Lemma rho_rec n : (L <= n)%N -> rho L p n =
  (1 - p) * mean0 + (2 * p - 1) / L%:R * \sum_(1 <= j < L.+1) rho L p (n - j).
Proof.
move=> hn; rewrite rhoE iter_Qop_bit0_rec //.
have -> : \sum_(1 <= j < L.+1) rho L p (n - j) = \sum_(i < L) rho L p (n - L + i).
  rewrite -(big_mkord xpredT (fun i => rho L p (n - L + i))) big_nat_rev big_add1 /=.
  by apply: eq_big_nat => i /andP[_ hi]; congr rho; lia.
under eq_bigr => e _ do rewrite mulrDr.
rewrite big_split /= /mean0 mulr_sumr; congr (_ + _).
  by apply: eq_bigr => e _; ring.
rewrite mulr_sumr.
under [RHS]eq_bigr => i _ do rewrite rhoE mulr_sumr.
rewrite exchange_big /=; apply: eq_bigr => e _.
by rewrite !mulr_sumr; apply: eq_bigr => i _; ring.
Qed.

Lemma rho_ltL n : (n < L)%N -> rho L p n =
  \sum_(e : config) Defs.pi p e * bit 0 e * bit n e.
Proof. by move=> hn; rewrite rhoE iter_Qop_bit0. Qed.

End ShiftChain.

Arguments bit {R L}.
Arguments bitE {R L k}.


Section StationarySymmetries.
Variable R : rcfType.
Variables (L : nat) (p : R).
Hypotheses (hL : (2 <= L)%N) (hp0 : 0 <= p) (hp1 : p < 1).

Local Notation config := (config L).

Lemma c_gt0 j : (j < L)%N -> 0 < c L p j.
Proof.
move=> hj; have L0 : (0 : R) < L%:R by rewrite ltr0n; lia.
have h0 : 0 <= j%:R / L%:R :> R by rewrite divr_ge0.
have h1 : j%:R / L%:R < 1 :> R by rewrite ltr_pdivrMr // mul1r ltr_nat.
have : 0 < (1 - p) * (1 - j%:R / L%:R) by rewrite mulr_gt0 // subr_gt0.
have : 0 <= j%:R / L%:R * p by rewrite mulr_ge0.
rewrite /c; lra.
Qed.

Definition cratio (j : nat) : R := c L p j / c L p (L - j - 1).

Lemma cratio_gt0 j : (j < L)%N -> 0 < cratio j.
Proof. by move=> hj; rewrite divr_gt0 // c_gt0 //; lia. Qed.

Lemma cratio_rev j : (j < L)%N -> cratio (L - j.+1) = (cratio j)^-1.
Proof.
move=> hj; rewrite /cratio invf_div.
have -> : (L - (L - j.+1) - 1 = j)%N by lia.
by have -> : (L - j.+1 = L - j - 1)%N by lia.
Qed.

Definition wprod (k : nat) : R := \prod_(0 <= j < k) cratio j.

Lemma piw_wprod (w : config) : piw p w = wprod (wt w).
Proof. by rewrite /piw /wprod big_mkord. Qed.

Lemma wprod_gt0 k : (k <= L)%N -> 0 < wprod k.
Proof.
move=> hk; rewrite /wprod big_seq prodr_gt0 // => j.
by rewrite mem_index_iota => /andP[_ hj]; apply: cratio_gt0; lia.
Qed.

(* The factors of wprod L beyond L - k are, in reverse order, the inverses of
   those of wprod k. *)
Lemma wprodL_split k : (k <= L)%N -> wprod L = wprod (L - k) / wprod k.
Proof.
move=> hk; rewrite /wprod (@big_cat_nat _ _ _ (L - k)%N) ?leq_subr //= -prodfV.
rewrite -[X in \prod_(X <= _ < L) _](add0n (L - k)%N) big_addn subKn //.
congr (_ * _); rewrite big_nat_rev; apply: eq_big_nat => j /andP[_ hj].
by rewrite -cratio_rev; [congr cratio|]; lia.
Qed.

Lemma wprod_sym k : (k <= L)%N -> wprod (L - k) = wprod k.
Proof.
move=> hk; have hk' := leq_subr k L.
have h1 := wprodL_split hk; have h2 := wprodL_split hk'; rewrite subKn // in h2.
have a0 := wprod_gt0 hk'; have b0 := wprod_gt0 hk.
have /eqP : wprod (L - k) / wprod k = wprod k / wprod (L - k) by rewrite -h1 -h2.
by rewrite eqr_div ?(gt_eqF a0) ?(gt_eqF b0) // -!expr2 eqrXn2 ?(ltW a0) ?(ltW b0) // => /eqP.
Qed.

Lemma pi_wt (w1 w2 : config) : wt w1 = wt w2 -> Defs.pi p w1 = Defs.pi p w2.
Proof. by rewrite /Defs.pi !piw_wprod => ->. Qed.

Lemma Z_gt0 : 0 < Z L p.
Proof.
have piw_gt0 (w : config) : 0 < piw p w by rewrite piw_wprod wprod_gt0 ?wt_leL.
rewrite /Z (bigD1 [ffun=> false]) //=.
by apply: lt_le_trans (piw_gt0 [ffun=> false]) _; rewrite lerDl sumr_ge0 // => w _; rewrite ltW.
Qed.

Lemma sum_pi : \sum_(e : config) Defs.pi p e = 1.
Proof. by rewrite -mulr_suml divff // gt_eqF // Z_gt0. Qed.

Definition flip (e : config) : config := [ffun i => ~~ e i].

Lemma flipK : involutive flip.
Proof. by move=> e; apply/ffunP => i; rewrite !ffunE negbK. Qed.

Lemma wt_flip (e : config) : wt (flip e) = (L - wt e)%N.
Proof.
suff : (wt (flip e) + wt e = L)%N by lia.
rewrite /wt -big_split /= -[RHS]card_ord -sum1_card.
by apply: eq_bigr => i _; rewrite ffunE; case: (e i).
Qed.

Lemma pi_flip (e : config) : Defs.pi p (flip e) = Defs.pi p e.
Proof. by rewrite /Defs.pi !piw_wprod wt_flip wprod_sym ?wt_leL. Qed.

Lemma mean0_half : mean0 L p = 2^-1.
Proof.
have h0 : (0 < L)%N by lia.
suff : mean0 L p = 1 - mean0 L p by lra.
rewrite {1}/mean0 (reindex_inj (can_inj flipK)) /= -sum_pi /mean0 -sumrB.
apply: eq_bigr => e _; rewrite pi_flip !(bitE h0) ffunE.
by case: (e _); rewrite /= ?mulr1 ?mulr0 ?subr0 ?subrr.
Qed.

Lemma rho0 : rho L p 0 = 2^-1.
Proof.
have h0 : (0 < L)%N by lia.
rewrite rho_ltL // -mean0_half; apply: eq_bigr => e _.
by rewrite (bitE h0); case: (e _); rewrite ?mulr1 ?mulr0.
Qed.

Definition permc (s : {perm 'I_L}) (e : config) : config := [ffun i => e (s i)].

Lemma wt_permc s (e : config) : wt (permc s e) = wt e.
Proof.
rewrite /wt [in RHS](reindex_inj (@perm_inj _ s)) /=.
by apply: eq_bigr => i _; rewrite ffunE.
Qed.

Lemma rho_const n : (1 <= n <= L - 1)%N -> rho L p n = rho L p 1.
Proof.
move=> /andP[hn1 hn2].
have hn : (n < L)%N by lia.
have h1 : (1 < L)%N by lia.
have h0 : (0 < L)%N by lia.
rewrite !rho_ltL //.
set s := tperm (Ordinal h1) (Ordinal hn).
have sK : involutive (permc s) by move=> e; apply/ffunP => i; rewrite !ffunE tpermK.
rewrite [LHS](reindex_inj (can_inj sK)) /=; apply: eq_bigr => e _.
rewrite (pi_wt (wt_permc s e)) !(bitE h0) (bitE hn) (bitE h1) !ffunE tpermR tpermD //.
by apply/eqP => /(congr1 val) /=; lia.
Qed.

Lemma rhobar_rec n : (L <= n)%N ->
  rhobar L p n = (2 * p - 1) / L%:R * \sum_(1 <= j < L.+1) rhobar L p (n - j).
Proof.
move=> hn; rewrite /rhobar rho_rec // mean0_half sumrB sumr_const_nat subn1 /= -mulr_natr.
by field; apply: natrL_neq0.
Qed.

End StationarySymmetries.

Theorem mainTheorem15 (R : rcfType) (L : nat) (p : R)
  (hL : (2 <= L)%N) (hp0 : 0 <= p) (hp1 : p < 1) :
  [/\ rho L p 0 = 2^-1,
      (forall n : nat, (1 <= n <= L - 1)%N -> rho L p n = rho L p 1),
      (forall n : nat, (L <= n)%N ->
         rhobar L p n = (2 * p - 1) / L%:R * \sum_(1 <= j < L.+1) rhobar L p (n - j))
    & exists C r : R, [/\ 0 <= r, r < 1 &
         forall n : nat, `|rhobar L p n| <= C * r ^+ n]].
Proof.
have rec := rhobar_rec hL hp0 hp1.
split; [exact: rho0 | exact: rho_const | exact: rec |].
by apply: (linear_recurrence_decay hL _ _ rec); lra.
Qed.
**********
Task brief:
A word-for-word copy of the lines above from the one with "by rewrite -cratio_rev; [congr cratio|]; lia." through the one with "Lemma pi_wt (w1", inclusive, is the only output wanted.

Answer for this exercise:
by rewrite -cratio_rev; [congr cratio|]; lia.
Qed.

Lemma wprod_sym k : (k <= L)%N -> wprod (L - k) = wprod k.
Proof.
move=> hk; have hk' := leq_subr k L.
have h1 := wprodL_split hk; have h2 := wprodL_split hk'; rewrite subKn // in h2.
have a0 := wprod_gt0 hk'; have b0 := wprod_gt0 hk.
have /eqP : wprod (L - k) / wprod k = wprod k / wprod (L - k) by rewrite -h1 -h2.
by rewrite eqr_div ?(gt_eqF a0) ?(gt_eqF b0) // -!expr2 eqrXn2 ?(ltW a0) ?(ltW b0) // => /eqP.
Qed.

Lemma pi_wt (w1 w2 : config) : wt w1 = wt w2 -> Defs.pi p w1 = Defs.pi p w2.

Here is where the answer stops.